[Opening DATA PROVIDED section]

Lemma class2_iso_iff T1 r1 T2 r2 S S' :
  has_least r1 -> ~ has_least r2 ->
  class2 T1 r1 T2 r2 S -> class2 T1 r1 T2 r2 S' ->
  (iso S S' <-> (has_least_elt S <-> has_least_elt S')).
Proof.
  intros H1 H2 HS HS'. split.
  - intros Hiso. destruct HS' as [HS' | HS'];
      rewrite (has_least_elt_iso_to _ _ _ HS'),
        (has_least_elt_iso_to _ _ _ (iso_to_iso _ _ _ _ Hiso HS')); tauto.
  - destruct HS as [HS | HS], HS' as [HS' | HS'];
      rewrite (has_least_elt_iso_to _ _ _ HS), (has_least_elt_iso_to _ _ _ HS');
      (intros; eapply iso_of_iso_to; eassumption) || tauto.
Qed.

(** * The order types [omega * n] and [omega^2 * n] *)

Lemma fin_eq n (i i' : fin n) : proj1_sig i = proj1_sig i' -> i = i'.
Proof. destruct i, i'; cbn; intros ->. f_equal. apply proof_irrelevance. Qed.

Lemma mul_add_lt_iff n k j k' j' : j < n -> j' < n ->
  (k * n + j < k' * n + j' <-> k < k' \/ (k = k' /\ j < j')).
Proof.
  intros Hj Hj'. split.
  - intros H. destruct (lt_eq_lt_dec k k') as [[Hk | ->] | Hk]; [auto | right; lia |].
    assert (k' * n + n <= k * n) by nia. lia.
  - intros [Hk | [-> Hk]]; [|lia]. assert (k * n + n <= k' * n) by nia. lia.
Qed.

Lemma mul_add_eq_iff n k j k' j' : j < n -> j' < n ->
  (k * n + j = k' * n + j' <-> k = k' /\ j = j').
Proof.
  intros Hj Hj'.
  pose proof (mul_add_lt_iff n k j k' j' Hj Hj'). pose proof (mul_add_lt_iff n k' j' k j Hj' Hj).
  lia.
Qed.

Lemma block_eq_iff n (i i' : fin n) (k k' : nat) :
  (i, k) = (i', k') :> omega_n n <-> proj1_sig i = proj1_sig i' /\ k = k'.
Proof.
  split; [now intros [= -> ->] | intros [Hi ->]; now rewrite (fin_eq n i i' Hi)].
Qed.

(** The point [((i, k), (j, l))] of [(omega * n)^2] is ordered lexicographically by
    [(i, k, j, l)], and so is the point [(i, (k * n + j, l))] of [omega^2 * n]. *)
Definition omega_square_to_omega2 n (p : omega_n n * omega_n n) : omega2_n n :=
  let '((i, k), (j, l)) := p in (i, (k * n + proj1_sig j, l)).

(** In [(omega^* * n)^2] the order is by [i], then decreasing [k], increasing [j] and
    decreasing [l]; reversing [j] lets [k * n + (n - 1 - j)] decrease along with it. *)
Definition omega_star_square_to_omega2 n (p : omega_n n * omega_n n) : omega2_n n :=
  let '((i, k), (j, l)) := p in (i, (k * n + (n - 1 - proj1_sig j), l)).

Lemma order_iso_omega_square n : 1 <= n ->
  order_iso (lex_rel (omega_n_lt n)) (omega2_n_lt n) (omega_square_to_omega2 n).
Proof.
  intros Hn. split; [|split].
  - intros [[i k] [[j Hj] l]] [[i' k'] [[j' Hj'] l']] [= -> Hm ->].
    apply mul_add_eq_iff in Hm as [-> ->]; [|assumption ..].
    f_equal. f_equal. now apply fin_eq.
  - intros [i [m l]]. assert (Hlt : m mod n < n) by (apply Nat.mod_upper_bound; lia).
    exists ((i, m / n), (exist _ (m mod n) Hlt, l)). cbn.
    now rewrite Nat.mul_comm, <- Nat.div_mod_eq.
  - intros [[i k] [[j Hj] l]] [[i' k'] [[j' Hj'] l']].
    unfold lex_rel, omega_n_lt, omega2_n_lt, lex2; cbn.
    rewrite block_eq_iff, mul_add_lt_iff, mul_add_eq_iff by assumption. cbn. lia.
Qed.

Lemma order_iso_omega_star_square n : 1 <= n ->
  order_iso (lex_rel (omega_star_n_lt n)) (omega2_star_n_lt n) (omega_star_square_to_omega2 n).
Proof.
  intros Hn. split; [|split].
  - intros [[i k] [[j Hj] l]] [[i' k'] [[j' Hj'] l']] [= -> Hm ->].
    apply mul_add_eq_iff in Hm as [-> Hjj']; [|lia ..].
    f_equal. f_equal. apply fin_eq. cbn. lia.
  - intros [i [m l]]. assert (Hlt : n - 1 - m mod n < n) by lia.
    exists ((i, m / n), (exist _ (n - 1 - m mod n) Hlt, l)). cbn.
    assert (m mod n < n) by (apply Nat.mod_upper_bound; lia).
    replace (n - 1 - (n - 1 - m mod n)) with (m mod n) by lia.
    now rewrite Nat.mul_comm, <- Nat.div_mod_eq.
  - intros [[i k] [[j Hj] l]] [[i' k'] [[j' Hj'] l']].
    unfold lex_rel, omega_star_n_lt, omega2_star_n_lt, lex2; cbn.
    rewrite block_eq_iff, !mul_add_lt_iff, mul_add_eq_iff by lia. cbn. lia.
Qed.

Lemma omega_n_has_least n : 1 <= n -> has_least (omega_n_lt n).
Proof.
  intros Hn. exists (exist _ 0 Hn, 0). intros [[i Hi] k] Hne. unfold omega_n_lt; cbn.
  destruct i; [|left; lia]. right. split; [reflexivity|].
  destruct k; [|lia]. exfalso. apply Hne. f_equal. now apply fin_eq.
Qed.

Lemma omega_star_n_no_least n : ~ has_least (omega_star_n_lt n).
Proof.
  intros [[i k] Hleast]. specialize (Hleast (i, S k)).
  unfold omega_star_n_lt in Hleast; cbn in Hleast.
  assert ((i, S k) <> (i, k)) as Hne by (intros [= ?]; lia). apply Hleast in Hne. lia.
Qed.

Lemma omega2_n_has_least n : 1 <= n -> has_least (omega2_n_lt n).
Proof.
  intros Hn. exists (exist _ 0 Hn, (0, 0)). intros [[i Hi] [m l]] Hne.
  unfold omega2_n_lt, lex2; cbn.
  destruct i; [|left; lia]. right. split; [reflexivity|].
  destruct m; [|lia]. destruct l; [|lia]. exfalso. apply Hne. f_equal. now apply fin_eq.
Qed.

Lemma omega2_star_n_no_least n : ~ has_least (omega2_star_n_lt n).
Proof.
  intros [[i [m l]] Hleast]. specialize (Hleast (i, (m, S l))).
  unfold omega2_star_n_lt, lex2 in Hleast; cbn in Hleast.
  assert ((i, (m, S l)) <> (i, (m, l))) as Hne by (intros [= ?]; lia). apply Hleast in Hne. lia.
Qed.

Lemma square_class2 n A : 1 <= n ->
  class2 (omega_n n) (omega_n_lt n) (omega_n n) (omega_star_n_lt n) A ->
  class2 (omega2_n n) (omega2_n_lt n) (omega2_n n) (omega2_star_n_lt n) (square A).
Proof.
  intros Hn [HA | HA]; [left | right]; eapply iso_to_order_iso; try apply iso_to_square, HA.
  - now apply order_iso_omega_square.
  - now apply order_iso_omega_star_square.
Qed.

Theorem theorem3p1 : forall n : nat, 1 <= n ->
  comp_leq (class2 (omega_n n) (omega_n_lt n) (omega_n n) (omega_star_n_lt n))
           (class2 (omega2_n n) (omega2_n_lt n) (omega2_n n) (omega2_star_n_lt n)).
Proof.
  intros n Hn. exists square_operator. split; [exact ce_square_operator | split].
  - intros A HA. exists (square A).
    split; [now apply square_class2 | exact (enum_square_operator A)].
  - intros A B A' B' HA HB HA' HB'.
    apply same_diag_enum_square in HA', HB'.
    rewrite (class2_iso_iff _ _ _ _ A B (omega_n_has_least n Hn) (omega_star_n_no_least n) HA HB).
    rewrite (class2_iso_iff _ _ _ _ A' B' (omega2_n_has_least n Hn) (omega2_star_n_no_least n)
               (class2_same_diag _ _ _ _ _ _ HA' (square_class2 n A Hn HA))
               (class2_same_diag _ _ _ _ _ _ HB' (square_class2 n B Hn HB))).
    now rewrite <- (has_least_elt_same_diag _ _ HA'), <- (has_least_elt_same_diag _ _ HB'),
      !has_least_elt_square.
Qed.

[Closing DATA PROVIDED section]

Only the last part of the entries above is needed: please copy the line with "comp_leq (class2 (omega_n" and each line after it exactly.

  comp_leq (class2 (omega_n n) (omega_n_lt n) (omega_n n) (omega_star_n_lt n))
           (class2 (omega2_n n) (omega2_n_lt n) (omega2_n n) (omega2_star_n_lt n)).
Proof.
  intros n Hn. exists square_operator. split; [exact ce_square_operator | split].
  - intros A HA. exists (square A).
    split; [now apply square_class2 | exact (enum_square_operator A)].
  - intros A B A' B' HA HB HA' HB'.
    apply same_diag_enum_square in HA', HB'.
    rewrite (class2_iso_iff _ _ _ _ A B (omega_n_has_least n Hn) (omega_star_n_no_least n) HA HB).
    rewrite (class2_iso_iff _ _ _ _ A' B' (omega2_n_has_least n Hn) (omega2_star_n_no_least n)
               (class2_same_diag _ _ _ _ _ _ HA' (square_class2 n A Hn HA))
               (class2_same_diag _ _ _ _ _ _ HB' (square_class2 n B Hn HB))).
    now rewrite <- (has_least_elt_same_diag _ _ HA'), <- (has_least_elt_same_diag _ _ HB'),
      !has_least_elt_square.
Qed.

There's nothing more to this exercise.